Relevant Equations:: Center of momentum frame is the one very sum over momentum of particles is equal to zero vector.
\sum_i \vec{p}_i=\vec{0}

To my mind because one particle has momentum $\vec{p}$ and the other one $\vec{0}$. It is for instance necessary to find reference frame where one momentum will be for instance $\frac{1}{2}\vec{p}$ and the momentum of other particle should be $-\frac{1}{2}\vec{p}$. So it is necessary to find fram that is moving with some velocity left according to lab system. However it is also possible to get that if momentum of one particle $\frac{3}{4}\vec{p}$ and $-\frac{1}{4}\vec{p}$. Energies in that two cases are different. So I am confused with that...

Welcome back! Yes, it's not as easy as in classical physics.

Here's a trick: consider the energy-momentum transformation of the system. Note that the total energy-momentum of a system, being the sum of four-vectors, is itself a four-vector. So, transforms according to the Lorentz transformation.
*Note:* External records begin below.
(* Consider M-FACTORING, and let $n\geqslant 2$, where each option is a non-trivial disjunctive sum of a factoring of $n$. Then $\mathcal{SG}(n)=\Omega(n)-1$. If no two distinct components may contain the same prime number, then $\mathcal{SG}(n)=\omega(n)-1$.
   Context: M-FACTORING is the impartial normal-play heap game where a move from a heap $n$ replaces it by the disjunctive sum $a_1+\cdots+a_k$ of a factorization $n=a_1a_2\cdots a_k$ with $k\ge2$ and $1<a_1\le\cdots\le a_k$. $\mathcal{SG}$ denotes the Sprague-Grundy value (mex rule, nim-sum). $\Omega(n)$ counts prime factors with multiplicity, $\omega(n)$ counts distinct prime factors. *)

From mathcomp Require Import all_boot.
Set Implicit Arguments. Unset Strict Implicit. Unset Printing Implicit Defensive.

Definition is_factorization (n : nat) (s : seq nat) : bool :=
  [&& 2 <= size s, all (fun a => 1 < a) s, sorted leq s & \prod_(a <- s) a == n].

Definition is_coprime_factorization (n : nat) (s : seq nat) : bool :=
  is_factorization n s && pairwise coprime s.

(* All lists of length <= k with entries from D (a finite universe containing
   every factorization of n when k = n and D = divisors n). *)
Fixpoint seqs_upto (k : nat) (D : seq nat) : seq (seq nat) :=
  if k is k'.+1 then [::] :: [seq d :: s | d <- D, s <- seqs_upto k' D]
  else [:: [::]].
(* Let $X$ be finite and $t$ any transition function. Then $t$ is menu invariant, i.e. there exists $\nu\in\Delta(\mathcal{L}(X))$ with $\nu M_A=\nu$ for all $A\in\mathcal{X}_2$, if and only if $t$ satisfies no weak investment: for every investment plan $i$ there exists $\succ\in\mathcal{L}(X)$ with $$\sum_{(A,\succ')\in\mathcal{X}_2\times\mathcal{L}(X)} i(A,\succ')\,t_{\succ'}(M(\succ,A),\succ)\le\sum_{A\in\mathcal{X}_2}i(A,\succ).$$
   Context: $\mathcal{X}_2$ is the collection of subsets of $X$ with at least two elements, $\mathcal{L}(X)$ the linear orders on $X$, $M(\succ,A)$ the $\succ$-maximal element of $A$. A transition function is $t:X\times\mathcal{L}(X)\to\Delta(\mathcal{L}(X))$, with $t_{\succ'}(x,\succ)$ the probability of $\succ'$ under $t(x,\succ)$. For $A\in\mathcal{X}_2$, $M_A$ is the Markov matrix on $\mathcal{L}(X)$ with entries $m_A(\succ,\succ')=t_{\succ'}(M(\succ,A),\succ)$; distributions are row vectors. An investment plan is any function $i:\mathcal{X}_2\times\mathcal{L}(X)\to\mathbb{R}_{\ge0}$. *)

From HB Require Import structures.
From mathcomp Require Import all_boot all_order all_algebra.
From mathcomp Require Import reals.
Set Implicit Arguments. Unset Strict Implicit. Unset Printing Implicit Defensive.
Import Order.TTheory GRing.Theory Num.Theory.
Local Open Scope ring_scope.

Section Defs.
Variable X : finType.

(* A linear order on X, represented by its strict relation x ≻ y as r (x,y):
   irreflexive, transitive and total on distinct elements. *)
Definition is_lin (r : {ffun X * X -> bool}) : bool :=
  [&& [forall x, ~~ r (x, x)],
      [forall x, forall y, forall z, r (x, y) && r (y, z) ==> r (x, z)] &
      [forall x, forall y, (x != y) ==> r (x, y) || r (y, x)]].

Definition linord := {r : {ffun X * X -> bool} | is_lin r}.

Definition succ (r : linord) (x y : X) : bool := val r (x, y).
Inductive guard (D : data_model) :=
| GTrue : guard D
| GDef : dvar D -> guard D
| GEq : term D -> term D -> guard D
| GLe : term D -> term D -> guard D
| GNot : guard D -> guard D
| GAnd : guard D -> guard D -> guard D.
Arguments GTrue {D}. Arguments GDef {D}. Arguments GEq {D}.
Arguments GLe {D}. Arguments GNot {D}. Arguments GAnd {D}.

(* (partial) assignments: eta v = None means eta undefined on v *)
Definition assignment (D : data_model) := dvar D -> option (dconst D).

Definition is_assignment (D : data_model) (eta : assignment D) : Prop :=
  forall v c, eta v = Some c -> In c (dvals D (dm D v)).

(* t[eta] when it is a constant (None: t[eta] is an undefined variable) *)
Definition tconst {D : data_model} (eta : assignment D) (t : term D)
  : option (dconst D) :=
  match t with TVar v => eta v | TConst c => Some c end.

Fixpoint gsat {D : data_model} (eta : assignment D) (g : guard D) : Prop :=
  match g with
  | GTrue => True
  | GDef v => eta v <> None
  | GEq t1 t2 => exists c, tconst eta t1 = Some c /\ tconst eta t2 = Some c
  | GLe t1 t2 => exists d R c1 c2,
      dord D d = Some R /\ tconst eta t1 = Some c1 /\ tconst eta t2 = Some c2 /\
      In c1 (dvals D d) /\ In c2 (dvals D d) /\ R c1 c2
  | GNot g1 => ~ gsat eta g1
  | GAnd g1 g2 => gsat eta g1 /\ gsat eta g2
  end.

Definition term_occ {D : data_model} (v : dvar D) (t : term D) : Prop :=
  match t with TVar w => w = v | TConst _ => False end.

Fixpoint gvar_occ {D : data_model} (v : dvar D) (g : guard D) : Prop :=
  match g with
  | GTrue => False
  | GDef w => w = v
  | GEq t1 t2 | GLe t1 t2 => term_occ v t1 \/ term_occ v t2
  | GNot g1 => gvar_occ v g1
  | GAnd g1 g2 => gvar_occ v g1 \/ gvar_occ v g2
  end.

Record dawnet (D : data_model) := DAWNet {
  place : Type;
  trans : Type;
  pre : place -> trans -> Prop;
  post : trans -> place -> Prop;
  start : place;
  sink : place;
  wr : trans -> dvar D -> option (list (dconst D));
      (* partial function wr(t): None = undefined on v; Some l = the set l *)
  gd : trans -> guard D
}.
Arguments place {D}. Arguments trans {D}. Arguments pre {D}.
Arguments post {D}. Arguments start {D}. Arguments sink {D}.
Arguments wr {D}. Arguments gd {D}.

Inductive node {D : data_model} (W : dawnet D) :=
| NP : place W -> node W
| NT : trans W -> node W.
Arguments NP {D W}. Arguments NT {D W}.

Inductive flow {D : data_model} (W : dawnet D) : node W -> node W -> Prop :=
| flow_pt : forall p t, pre W p t -> flow W (NP p) (NT t)
| flow_tp : forall t p, post W t p -> flow W (NT t) (NP p).

Definition is_dawnet {D : data_model} (W : dawnet D) : Prop :=
  wf_data_model D /\
  (exists lp, forall p : place W, In p lp) /\
  (exists lt, forall t : trans W, In t lt) /\
  (forall t, ~ post W t (start W)) /\
  (forall t, ~ pre W (sink W) t) /\
  (forall x : node W, clos_refl_trans _ (flow W) (NP (start W)) x /\
                      clos_refl_trans _ (flow W) x (NP (sink W))) /\
  (forall t v l c, wr W t v = Some l -> In c l -> In c (dvals D (dm D v))) /\
  (forall t, exists lv, forall v, wr W t v <> None -> In v lv).

Definition marking {D : data_model} (W : dawnet D) := place W -> nat.

Definition wr_nonempty {D : data_model} (W : dawnet D) t v : Prop :=
  exists l c, wr W t v = Some l /\ In c l.
Definition wr_empty {D : data_model} (W : dawnet D) t v : Prop :=
  exists l, wr W t v = Some l /\ forall c, ~ In c l.

Definition valid_firing {D : data_model} (W : dawnet D)
    (M : marking W) (eta : assignment D) (t : trans W)
    (M' : marking W) (eta' : assignment D) : Prop :=
  (forall p, pre W p t -> M p > 0) /\
  gsat eta (gd W t) /\
  (forall p,
     (pre W p t /\ ~ post W t p -> M' p = M p - 1) /\
     (post W t p /\ ~ pre W p t -> M' p = M p + 1) /\
     (~ (pre W p t /\ ~ post W t p) -> ~ (post W t p /\ ~ pre W p t) ->
        M' p = M p)) /\
  (forall v, eta' v <> None <->
             ((eta v <> None \/ wr_nonempty W t v) /\ ~ wr_empty W t v)) /\
  (forall v l c, wr W t v = Some l -> eta' v = Some c -> In c l) /\
  (forall v, wr W t v = None -> eta' v = eta v).

Inductive reachable {D : data_model} (W : dawnet D)
  : marking W -> assignment D -> Prop :=
| reach_init : forall (M : marking W) (eta : assignment D),
    M (start W) = 1 -> (forall p, p <> start W -> M p = 0) ->
    (forall v, eta v = None) -> reachable W M eta
| reach_step : forall M eta t M' eta',
    reachable W M eta -> valid_firing W M eta t M' eta' -> reachable W M' eta'.

Definition one_safe {D : data_model} (W : dawnet D) : Prop :=
  forall M eta, reachable W M eta -> forall p, M p <= 1.

Definition inV' {D : data_model} (W : dawnet D) (v : dvar D) : Prop :=
  (exists t, wr W t v <> None) \/ (exists t, gvar_occ v (gd W t)).

Definition adm {D : data_model} (W : dawnet D) (v : dvar D) (c : dconst D) : Prop :=
  exists t l, wr W t v = Some l /\ In c l.

Section BC.
Variables Fl Ac Val : Type.

(* BC atoms: f = x for a fluent f, or a (i.e. a = true) for an action a *)
Inductive batom := BF (f : Fl) (x : Val) | BA (a : Ac).

(* "A0 if A1..An ifcons A(n+1)..Am" ; head None = false *)
Record static_law := StaticLaw {
  sl_head : option (Fl * Val); sl_if : list batom; sl_ifcons : list batom }.
(* "A0 after A1'..An' ifcons A(n+1)..Am" ; head None = false *)
Record dynamic_law := DynamicLaw {
  dl_head : option (Fl * Val); dl_after : list batom; dl_ifcons : list batom }.

Record bc_desc := BCDesc {
  bc_fluent : Fl -> Prop;
  bc_dom : Fl -> Val -> Prop;
  bc_action : Ac -> Prop;
  bc_static : static_law -> Prop;
  bc_dynamic : dynamic_law -> Prop;
  bc_initially : Fl -> Val -> Prop
}.

Inductive patom := PA (i : nat) (A : batom).
Inductive lit := LPos (a : patom) | LNeg (a : patom).

(* head: disjunction; pos: positive body; neg: literals L occurring as ~L
   (default negation) in the body *)
Record rule := Rule { r_head : list lit; r_pos : list lit; r_neg : list lit }.

Definition at_ (i : nat) (A : batom) : lit := LPos (PA i A).
Definition cneg (i : nat) (A : batom) : lit := LNeg (PA i A).

Definition head_lits (i : nat) (h : option (Fl * Val)) : list lit :=
  match h with Some (f, x) => [at_ i (BF f x)] | None => [] end.

Inductive P_ell (B : bc_desc) (ell : nat) : rule -> Prop :=
| P_static : forall L i, bc_static B L -> i <= ell ->
    P_ell B ell (Rule (head_lits i (sl_head L)) (map (at_ i) (sl_if L))
                      (map (cneg i) (sl_ifcons L)))
| P_dynamic : forall L i, bc_dynamic B L -> i < ell ->
    P_ell B ell (Rule (head_lits (S i) (dl_head L)) (map (at_ i) (dl_after L))
                      (map (cneg (S i)) (dl_ifcons L)))
| P_init : forall f x, bc_initially B f x ->
    P_ell B ell (Rule [at_ 0 (BF f x)] [] [])
| P_init_choice : forall f x, bc_fluent B f -> bc_dom B f x ->
    P_ell B ell (Rule [at_ 0 (BF f x); cneg 0 (BF f x)] [] [])
| P_act_choice : forall a i, bc_action B a -> i < ell ->
    P_ell B ell (Rule [at_ i (BA a); cneg i (BA a)] [] [])
| P_exist : forall f i (l : list Val), bc_fluent B f -> i <= ell ->
    (forall x, In x l <-> bc_dom B f x) ->
    P_ell B ell (Rule [] [] (map (fun x => at_ i (BF f x)) l))
| P_uniq : forall f i x y, bc_fluent B f -> i <= ell ->
    bc_dom B f x -> bc_dom B f y -> x <> y ->
    P_ell B ell (Rule [cneg i (BF f x)] [at_ i (BF f y)] []).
What happens if you transform the total momentum-energy of the lab frame to the momentum of the CoM frame?

 

[PAllen]

I answered this in the other thread. I'll repeat here:

Compute the invariant mass, as energy (i.e, times c squared if not using c=1) of the system in the lab frame. This equals total energy in the COM frame. Then, the original two protons each simply have half this energy in the COM frame. Get the momentum of each in the COM frame from this energy and their rest energy.

Note, this is why the whole problem becomes trivial using invariant mass or energy. The invariant energy of the system, computed in any frame, divided by the rest energy, is the maximum number of nucleons you can produce. This number, is, of course, frame invariant.

 

[PeroK]

I answered this in the other thread. I'll repeat here:

Compute the invariant mass, as energy (i.e, times c squared if not using c=1) of the system in the lab frame. This equals total energy in the COM frame. Then, the original two protons each simply have half this energy in the COM frame. Get the momentum of each in the COM frame from this energy and their rest energy.

Note, this is why the whole problem becomes trivial using invariant mass or energy. The invariant energy of the system, computed in any frame, divided by the rest mass, is the maximum number of nucleons you can produce. This number, is, of course, frame invariant.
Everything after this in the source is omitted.